Thanks for the response. Just a little background: I reclaimed this area from the forest back in April and May. I put down grass seed and cultivated it over the summer. I also put some seed down this past fall although it didn't seem to take. Anyway it got kind of torn up over the winter and I want to bolster what's down there.

Too bad, I had a whole thread on it step by step, but because it's under the old forum format, it's not recoverable.
 
Thanks for the feedback! I am generally interested in having a nice looking lawn. I have too many brown spots, too much crabgrass, and it just looks awful at times.

I have about 1.25 acres in colts neck and the time investment is just not in the cards for
Me. I am willing to pay someone else to do it
But I feel I don't know as much about it and that is always a disaster as someone could easily
Rip me off or sell me something I have limited knowledge in. I'm looking for ideas on who to trust to help me out.

You sound a little bit like me. Contact Agritech in Freehold. When we lived in Belmar, our neighbor worked for them. Our yard in Belmar was only 50 X100 and we had a small amount of grass. He was doing his yard and our other neighbor's yard and ours stood out like a sore thumb. We have been using Agritech for 15 years at that house and the lawn always looks fantastic.

We live on 3/4 of an acre in Rumson, and we have a lot of shaded area. We don't want to spend the money on a company, and I have always just used a bag of spring fertilizer in the spring and fall fertilizer in the fall.
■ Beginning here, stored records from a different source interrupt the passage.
(* Assume no direct effect, consistency, no interference, static features, the MAR assumption $\pi_\beta(R\mid X_{(1)})=\pi_\beta(R\mid X_o)$, and the semi-offline positivity assumption: for all $\underline x'^{T-1},\underline a'^T,x_o$, if $\prod_{t=1}^T\pi_\alpha(a'^t\mid\underline x'^{t-1},\underline a'^{t-1})\prod_{t=0}^{T-1}p'(x'^t\mid\underline x'^{t-1},a'^t,x_o)\,p(x_o)>0$ then $\pi_\beta(R\ge r'\mid x_o)>0$, where $r'$ is the indicator vector of the features acquired in $\underline a'^T$. Then $$J=\mathbb{E}_{p'}[C'_{(\pi_\alpha)}]=\sum_{C',Y,X',A',R,X_o}C'\,g(C'\mid \underline X'^{T-1},\underline A'^T,Y)\,p'(Y\mid\underline X'^{T-1},\underline A'^T,X_o)\,q'(\underline X'^{T-1},\underline A'^T,R,X_o),$$ with $$q'(\underline X'^{T-1},\underline A'^T,R,X_o)=\pi_\beta(R\mid R\ge R',X_o)\prod_{t=1}^T\pi_\alpha(A'^t\mid\underline X'^{t-1},\underline A'^{t-1})\prod_{t=0}^{T-1}p'(X'^t\mid\underline X'^{t-1},A'^t,X_o)\,p(X_o),$$ so $J$ is identified from the observed data distribution.
   Context: Setting: full feature vector $X_{(1)}\in\mathbb{R}^{d_x}$ (finitely valued), label $Y$, missingness indicators $R\in\{0,1\}^{d_x}$ with mechanism $\pi_\beta(R\mid X_{(1)})$, observed features $X_i=X_{(1),i}$ if $R_i=1$ and ''?'' otherwise. $X_o$ is a fixed subset of coordinates that is always observed in the retrospective data ($R_i=1$ a.s. for those coordinates). An AFA policy $\pi_\alpha(A^t\mid\underline X^{t-1},\underline A^{t-1})$ chooses $A^t\in\{1,\dots,d_x+1\}$ ($i\le d_x$ reveals $X_{(1),i}$; $d_x+1$ stops at step $T$), starting from free features $X^0$; $\underline X^t=(X^0,\dots,X^t)$, $\underline A^t=(A^1,\dots,A^t)$. Deterministic classifier and misclassification cost give $g(C'\mid\underline X'^{T-1},\underline A'^T,Y)$; $J=\mathbb{E}[C_{(\pi_\alpha)}]$. Blocked policy and semi-offline sampling distribution: a blocked version $\pi'_{sim}(A'^t\mid\underline X'^{t-1},\underline A'^{t-1},R)$ of a simulation policy $\pi_{sim}$ assigns probability $0$ to acquiring any feature $i$ with $R_i=0$, and positive probability to every action that $\pi_{sim}$ gives positive probability and that is either stopping or acquiring an available feature; $p'$ is the joint distribution of $(X_{(1)},Y,R)\sim p$ together with simulated features $X'^t=X_{(1),A'^t}$, actions $A'^t\sim\pi'_{sim}$ and cost $C'$; $\pi_{sim}$ satisfies off-policy positivity with respect to $\pi_\alpha$. $C'_{(\pi_\alpha)}$ denotes the potential outcome of $C'$ had $\pi_\alpha$ replaced $\pi'_{sim}$. $R'^t$ denotes the indicator vector of the features acquired by $\underline A'^t$, $R'=R'^T$, and $r\ge r'$ means $r_i\ge r'_i$ for all $i$. Note $p'(X'^t\mid\underline X'^{t-1},A'^t,X_o)=p(X_{(1),a'^t}\mid X_{(1),r'^{t-1}},X_o)$. *)

From HB Require Import structures.
From mathcomp Require Import all_boot all_order all_algebra.
Set Implicit Arguments. Unset Strict Implicit. Unset Printing Implicit Defensive.
Import Order.TTheory GRing.Theory Num.Theory.
Local Open Scope ring_scope.

(* Conventions:
   - features are indexed by 'I_dx and take values in a common finite type V;
   - full feature vector  x : {ffun 'I_dx -> V};
   - a partially observed vector / sub-vector is  {ffun 'I_dx -> option V};
   - missingness indicator  r : {ffun 'I_dx -> bool};
   - action  a : option 'I_dx  (Some i = acquire feature i, None = stop);
   - history of acquisitions  h : seq ('I_dx * V)  (feature, value), i.e.
     (A'^1,X'^1),...,(A'^{t},X'^{t}); the free features X'^0 are a
     separate argument x0 : {ffun 'I_dx -> option V};
   - division by 0 is 0 (MathComp convention) for conditionals. *)

Section AFA.
Variables (R : realFieldType) (V Ylab Cst : finType) (dx : nat).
Our law here is decent, but not great.

The sunny areas of our lawn took a beating last year. We ordered 8 yards of top soil. I used a rotottiller and rake to work up the browned out sections then spread topsoil and then watered copiously last fall. The new grass looks great.
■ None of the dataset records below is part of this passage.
(* Put h = g2^-1 gamma g1 = [[A, B], [C, D]]: it is an integral symplectic
   matrix, h = 1 mod 2, and h maps iY1 to iY2, i.e. A iY1 + B = iY2 (C iY1 + D).
   Real and imaginary parts give B = -Y2 C Y1 and A Y1 = Y2 D.  Writing B = 2B'
   and C = 2C', the integral matrix K = -C'^T B' satisfies
   Y1 (4K) = (C Y1)^T Y2 (C Y1) and, by A^T D - C^T B = 1, Y1 (1 - 4K) = D^T Y2 D.
   Hence K is self-adjoint for the inner product <u, v> = u^T Y1 v and
   0 <= K <= 1/4, so |K^j w| <= 4^-j |w|.  Integral vectors of small norm vanish,
   so K is nilpotent, and a self-adjoint nilpotent matrix is 0.  Then C Y1 = 0,
   so C = B = 0 and h = diag(A, D) with A^T D = 1, i.e. h^-1 = embedGL D^T. *)

From HB Require Import structures.
From mathcomp Require Import all_boot all_order all_algebra.
From mathcomp Require Import reals complex.
From mathcomp Require Import ring lra zify.
Set Implicit Arguments. Unset Strict Implicit. Unset Printing Implicit Defensive.
Import Order.TTheory GRing.Theory Num.Theory.
Local Open Scope ring_scope.

Notation rmx_of_int R A := (map_mx (fun x : int => (x%:~R : R)) A).
Notation mx_Fp p A := (map_mx (fun z : int => (z%:~R : 'F_p)) A).

Lemma rmx_of_int_eq0 (R : numDomainType) p q (A : 'M[int]_(p, q)) :
  rmx_of_int R A = 0 -> A = 0.
Proof.
move/matrixP => A0; apply/matrixP => i j.
by move/eqP: (A0 i j); rewrite !mxE intr_eq0 => /eqP.
Qed.

Lemma kernel_trivial_unitmx (F : fieldType) n (E : 'M[F]_n) :
  (forall v : 'cV[F]_n, E *m v = 0 -> v = 0) -> E \in unitmx.
Proof.
move=> Ev0; rewrite -unitmx_tr -row_free_unit -kermx_eq0; apply/eqP/row_matrixP => i.
rewrite row0; apply: trmx_inj; rewrite trmx0; apply: Ev0.
by rewrite -[E in E *m _]trmxK -trmx_mul -row_mul mulmx_ker row0 trmx0.
Qed.

Lemma mulmx_delta_eq0 (T : pzRingType) m n (A : 'M[T]_(m, n)) :
  (forall j, A *m (delta_mx j 0 : 'cV_n) = 0) -> A = 0.
Proof.
move=> A0; apply/matrixP => i j; have := congr1 (fun M : 'cV_m => M i 0) (A0 j).
by rewrite /= -colE !mxE.
Qed.

Lemma trmx_conj_sym (T : comPzRingType) p n (X : 'M[T]_(p, n)) (Y : 'M[T]_p) :
  Y^T = Y -> (X^T *m Y *m X)^T = X^T *m Y *m X.
Proof. by move=> sY; rewrite !trmx_mul trmxK sY mulmxA. Qed.

Section RealImaginaryParts.
Variable R : realType.

Definition mxRe p q (M : 'M[R[i]]_(p, q)) : 'M[R]_(p, q) := map_mx (@complex.Re R) M.
Definition mxIm p q (M : 'M[R[i]]_(p, q)) : 'M[R]_(p, q) := map_mx (@complex.Im R) M.

Lemma mxReIm_inj p q (M N : 'M[R[i]]_(p, q)) :
  mxRe M = mxRe N -> mxIm M = mxIm N -> M = N.
Proof.
move=> /matrixP eRe /matrixP eIm; apply/matrixP => i j.
move: (eRe i j) (eIm i j); rewrite !mxE.
by case: (M i j) => a b; case: (N i j) => c d /= -> ->.
Qed.

Lemma mxRe0 p q : mxRe (0 : 'M[R[i]]_(p, q)) = 0.
Proof. by apply/matrixP => i j; rewrite !mxE. Qed.

Lemma mxIm0 p q : mxIm (0 : 'M[R[i]]_(p, q)) = 0.
Proof. by apply/matrixP => i j; rewrite !mxE. Qed.

Lemma mxReD p q (M N : 'M[R[i]]_(p, q)) : mxRe (M + N) = mxRe M + mxRe N.
Proof. by apply/matrixP => i j; rewrite !mxE; case: (M i j); case: (N i j). Qed.

Lemma mxImD p q (M N : 'M[R[i]]_(p, q)) : mxIm (M + N) = mxIm M + mxIm N.
Proof. by apply/matrixP => i j; rewrite !mxE; case: (M i j); case: (N i j). Qed.

Lemma Re_sum I (r : seq I) (P : pred I) (F : I -> R[i]) :
  complex.Re (\sum_(i <- r | P i) F i) = \sum_(i <- r | P i) complex.Re (F i).
Proof. by apply: (big_morph (@complex.Re R)) => // [[a b] [c d]]. Qed.

Lemma Im_sum I (r : seq I) (P : pred I) (F : I -> R[i]) :
  complex.Im (\sum_(i <- r | P i) F i) = \sum_(i <- r | P i) complex.Im (F i).
Proof. by apply: (big_morph (@complex.Im R)) => // [[a b] [c d]]. Qed.

Lemma mxRe_mul p q r (M : 'M[R[i]]_(p, q)) (N : 'M[R[i]]_(q, r)) :
  mxRe (M *m N) = mxRe M *m mxRe N - mxIm M *m mxIm N.
Proof.
apply/matrixP => i j; rewrite !mxE Re_sum -sumrB.
by apply: eq_bigr => k _; rewrite !mxE; case: (M i k) => a b; case: (N k j).
Qed.

Lemma mxIm_mul p q r (M : 'M[R[i]]_(p, q)) (N : 'M[R[i]]_(q, r)) :
  mxIm (M *m N) = mxRe M *m mxIm N + mxIm M *m mxRe N.
Proof.
apply/matrixP => i j; rewrite !mxE Im_sum -big_split.
by apply: eq_bigr => k _; rewrite !mxE; case: (M i k) => a b; case: (N k j).
Qed.

Lemma mxRe_cmx p q (A : 'M[int]_(p, q)) : mxRe (cmx_of_int R A) = rmx_of_int R A.
Proof. by apply/matrixP => i j; rewrite !mxE -(rmorph_int (real_complex R)). Qed.

Lemma mxIm_cmx p q (A : 'M[int]_(p, q)) : mxIm (cmx_of_int R A) = 0.
Proof. by apply/matrixP => i j; rewrite !mxE -(rmorph_int (real_complex R)). Qed.

Lemma mxRe_imx n (Y : 'M[R]_n) : mxRe (imx Y) = 0.
Proof. by apply/matrixP => i j; rewrite !mxE. Qed.

Lemma mxIm_imx n (Y : 'M[R]_n) : mxIm (imx Y) = Y.
Proof. by apply/matrixP => i j; rewrite !mxE. Qed.

Lemma mxRe_imx_mul n k (Y : 'M[R]_n) (M : 'M[R[i]]_(n, k)) :
  mxRe (imx Y *m M) = - (Y *m mxIm M).
Proof. by rewrite mxRe_mul mxRe_imx mxIm_imx mul0mx sub0r. Qed.

Lemma mxIm_imx_mul n k (Y : 'M[R]_n) (M : 'M[R[i]]_(n, k)) :
  mxIm (imx Y *m M) = Y *m mxRe M.
Proof. by rewrite mxIm_mul mxRe_imx mxIm_imx mul0mx add0r. Qed.

Lemma mxRe_affine p n (C D : 'M[int]_(p, n)) (Y : 'M[R]_n) :
  mxRe (cmx_of_int R C *m imx Y + cmx_of_int R D) = rmx_of_int R D.
Proof.
by rewrite mxReD mxRe_mul !mxRe_cmx mxIm_cmx mxRe_imx mulmx0 mul0mx subr0 add0r.
Qed.

Lemma mxIm_affine p n (C D : 'M[int]_(p, n)) (Y : 'M[R]_n) :
  mxIm (cmx_of_int R C *m imx Y + cmx_of_int R D) = rmx_of_int R C *m Y.
Proof.
by rewrite mxImD mxIm_mul mxRe_cmx !mxIm_cmx mxIm_imx mul0mx !addr0.
Qed.

End RealImaginaryParts.

Section HomogeneousAction.
Variables (T : comUnitRingType) (n : nat).
Implicit Types (G H : 'M[T]_(n + n)) (W V : 'M[T]_n).

Definition mxtop G W := ulsubmx G *m W + ursubmx G.
Definition mxbot G W := dlsubmx G *m W + drsubmx G.
Definition mxact G W := mxtop G W *m invmx (mxbot G W).

Lemma mul_col_mx1 G W : G *m col_mx W 1%:M = col_mx (mxtop G W) (mxbot G W).
Proof. by rewrite -{1}[G]submxK mul_block_col !mulmx1. Qed.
I'd get a quote from Agritech. They have plans that are comprehensive but you can probably get by with 2-3 application per year.
 
Tenacity (mesotrione) will take Nimblewill out. Please follow the label, though, since it is very powerful and is fine if used as directed but can adversely impact desirable turf if not used properly. Not cheap either but a little goes a long way. It's based on the natural effect of the bottle brush plant. Note that it can bleach desirable turf temporarily. This is a product that the base use is 4 oz an acre so you don't want to be imprecise.

Any advice on how to deal with voles (not moles)? They tunnel around our yard making a lot of tripping hazards. Do we need to eliminate their food source, or eliminate them? And what do we use? Never encountered this until we moved to Rumson.
 
Any advice on how to deal with voles (not moles)? They tunnel around our yard making a lot of tripping hazards. Do we need to eliminate their food source, or eliminate them? And what do we use? Never encountered this until we moved to Rumson.

Good luck. Voles each plant roots. Moles eat grubs. Voles are much more difficult to "manage," as a result. Try an effective repellant and use frequently. You can also use mousetraps baited with peanut butter and oatmeal, placing traps next to their tunnel/holes, and then cover the trap and hole with a box. Happy hunting.